(Assignment): For the data below, restate word for word only the lines from the line containing "by (apply Rmult_le_compat_l;" through the line containing "with (d * (2", both ends included.

Dataset entries
Theorem theorem1 (R : realType) (n : nat) (I : Type) (Sigma : I -> 'M[R]_n)
  (N : 'cV[R]_n -> R) :
  seminorm N -> polyhedral N ->
  (forall i, nonincreasing_for N (Sigma i)) ->
  (exists sigma : nat -> I, ~ contracts Sigma N sigma) ->
  exists (sigma : nat -> I) (p : nat),
    ~ contracts Sigma N sigma /\ periodic_idx sigma p /\
    exists w : nat, is_width (unit_ball N) w /\ (p <= w)%N.
Proof.
move=> N_seminorm [m [b [c ball_eq]]] N_noninc [sigma sigma_nc].
have ballE : unit_ball N = feasible b c by rewrite ball_eq.
have feasibleN x : feasible b c x -> feasible b c (- x).
  by rewrite -ballE; exact: unit_ballN.
have absorbing x : exists2 t : R, 0 < t & feasible b c (t *: x).
  by rewrite -ballE; exact: unit_ball_absorbing.
have Sigma_stable i : stable b c (Sigma i).
  by move=> x; rewrite -ballE; apply: le_trans; apply: N_noninc.
have [w width] := width_exists b c.
have [|sigma' [p [p_bounds sigma'_per sigma'_esc]]] :=
  escapes_periodic feasibleN absorbing Sigma_stable width.
  by exists sigma; move/not_contractsP: sigma_nc; rewrite ballE.
exists sigma', p; split; last split.
- by apply/not_contractsP; rewrite ballE.
- by case/andP: p_bounds.
- by exists w; rewrite ballE; case/andP: p_bounds.
Qed.
Lemma Cf_term_extremal_gap gamma rho d n : 0 <= gamma < 1 -> 0 <= rho -> 0 < d <= 1 / 2 ->
  d * (2 * rho ^ n - 3 * (rho ^ n / INR (n + 1))) - d ^ 2 * (INR (n + 1) * rho ^ n)
  <= Cf_term gamma (extremal_coef gamma (1 - d)) rho n - rho ^ n / INR (n + 1).
Proof.
  intros Hg Hr Hd.
  unfold Cf_term. rewrite sum_scaled_extremal_coef by lra.
  pose proof (extremal_gap_lower d n Hd) as Hgap.
  assert (Hp : 0 <= rho ^ n) by (apply pow_le; lra).
  rewrite plus_INR. simpl INR. set (m := INR n) in *.
  assert (Hm : 0 <= m) by apply pos_INR.
  replace (/ (m + 1) * (1 - d + (1 + (1 - d)) * (1 - (1 - d) ^ n)) * rho ^ n - rho ^ n / (m + 1))
    with (rho ^ n / (m + 1) * (2 * (1 - d) - (2 - d) * (1 - d) ^ n)) by (field; lra).
  assert (H1 : rho ^ n / (m + 1) * ((2 * m - 1) * d - m ^ 2 * d ^ 2)
               <= rho ^ n / (m + 1) * (2 * (1 - d) - (2 - d) * (1 - d) ^ n))
    by (apply Rmult_le_compat_l; [apply Rdiv_le_0_compat|]; lra).
  assert (H2 : rho ^ n * d ^ 2 * (m ^ 2 / (m + 1)) <= rho ^ n * d ^ 2 * (m + 1)).
  { apply Rmult_le_compat_l; [apply Rmult_le_pos; [lra | apply pow_le; lra]|].
    apply Rle_div_l; lra. }
  replace (rho ^ n / (m + 1) * ((2 * m - 1) * d - m ^ 2 * d ^ 2))
    with (d * (2 * rho ^ n - 3 * (rho ^ n / (m + 1))) - rho ^ n * d ^ 2 * (m ^ 2 / (m + 1)))
    in H1 by (field; lra).
  lra.
Qed.

Lemma Cf_extremal_gap gamma rho d : 0 <= gamma < 1 -> 0 < rho < 1 -> 0 < d <= 1 / 2 ->
  d * (2 / (1 - rho) - 3 * log_bound rho) - d ^ 2 * Series (fun n => INR (n + 1) * rho ^ n)
  <= Cf gamma (extremal_coef gamma (1 - d)) rho - log_bound rho.
Proof.
  intros Hg Hr Hd.
  assert (HCf := is_series_Cf_extremal gamma (1 - d) rho Hg ltac:(lra) Hr).
  assert (HL := is_series_log_bound rho Hr).
  assert (Hgeo : is_series (fun n => rho ^ n) (/ (1 - rho)))
    by (apply is_series_geom; rewrite Rabs_pos_eq; lra).
  assert (HS2 := Series_correct _ (ex_series_succ_mul_pow rho ltac:(lra))).
  apply (is_series_le _ _ _ _ (fun n => Cf_term_extremal_gap gamma rho d n Hg ltac:(lra) Hd)).
  - apply (is_series_minus (V := R_NormedModule)); apply (is_series_scal_l (V := R_NormedModule));
      [|exact HS2].
    apply (is_series_minus (V := R_NormedModule)); apply (is_series_scal_l (V := R_NormedModule));
      [|exact HL].
    replace (2 / (1 - rho)) with (2 * / (1 - rho)) by (unfold Rdiv; ring).
    exact Hgeo.
  - unfold Cf. rewrite (is_series_unique _ _ HCf).
    apply (is_series_minus (V := R_NormedModule)); assumption.
Qed.

Lemma exists_Cf_gt_log_bound (gamma rho0 rho : R) :
  0 <= gamma < 1 -> 0 < rho0 -> critical rho0 = 0 -> rho0 < rho < 1 ->
  exists (f : C -> C) (a : nat -> C),
    in_B gamma f /\ has_expansion gamma f a /\
    ex_series (Cf_term gamma a rho) /\ Cf gamma a rho > log_bound rho.
Proof.
  intros Hg H0 Hc0 Hr.
  set (gap := 2 / (1 - rho) - 3 * log_bound rho).
  assert (Hgap : 0 < gap).
  { pose proof (critical_increasing rho0 rho H0 ltac:(lra) ltac:(lra)).
    pose proof (log_bound_critical rho ltac:(lra)).
    assert (0 < critical rho / (1 - rho)) by (apply Rdiv_lt_0_compat; lra).
    unfold gap, Rdiv in *. lra. }
  set (S2 := Series (fun n => INR (n + 1) * rho ^ n)).
  set (d := Rmin (1 / 2) (gap / (2 * (Rabs S2 + 1)))).
  assert (HS2 : 0 <= Rabs S2) by apply Rabs_pos.
  assert (Hd : 0 < d <= 1 / 2).
  { split; [apply Rmin_pos; [lra | apply Rdiv_lt_0_compat; lra] | apply Rmin_l]. }
  assert (Hdgap : d * (Rabs S2 + 1) <= gap / 2).
  { apply (Rmult_le_reg_r (/ (Rabs S2 + 1))); [apply Rinv_0_lt_compat; lra|].
    rewrite Rmult_assoc, Rinv_r, Rmult_1_r by lra.
    replace (gap / 2 * / (Rabs S2 + 1)) with (gap / (2 * (Rabs S2 + 1))) by (field; lra).
    apply Rmin_r. }
  exists (extremal gamma (1 - d)), (extremal_coef gamma (1 - d)).
  split; [apply extremal_in_B; lra|].
  split; [apply extremal_has_expansion; lra|].
  split; [eexists; apply is_series_Cf_extremal; lra|].
  pose proof (Cf_extremal_gap gamma rho d Hg ltac:(lra) Hd) as Hlow. fold gap S2 in Hlow.
  pose proof (Rle_abs S2).
  assert (d ^ 2 * S2 <= d * (gap / 2)) by (simpl; nra).
  apply Rlt_gt. nra.
Qed.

(Output of the exercise):
    by (apply Rmult_le_compat_l; [apply Rdiv_le_0_compat|]; lra).
  assert (H2 : rho ^ n * d ^ 2 * (m ^ 2 / (m + 1)) <= rho ^ n * d ^ 2 * (m + 1)).
  { apply Rmult_le_compat_l; [apply Rmult_le_pos; [lra | apply pow_le; lra]|].
    apply Rle_div_l; lra. }
  replace (rho ^ n / (m + 1) * ((2 * m - 1) * d - m ^ 2 * d ^ 2))
    with (d * (2 * rho ^ n - 3 * (rho ^ n / (m + 1))) - rho ^ n * d ^ 2 * (m ^ 2 / (m + 1)))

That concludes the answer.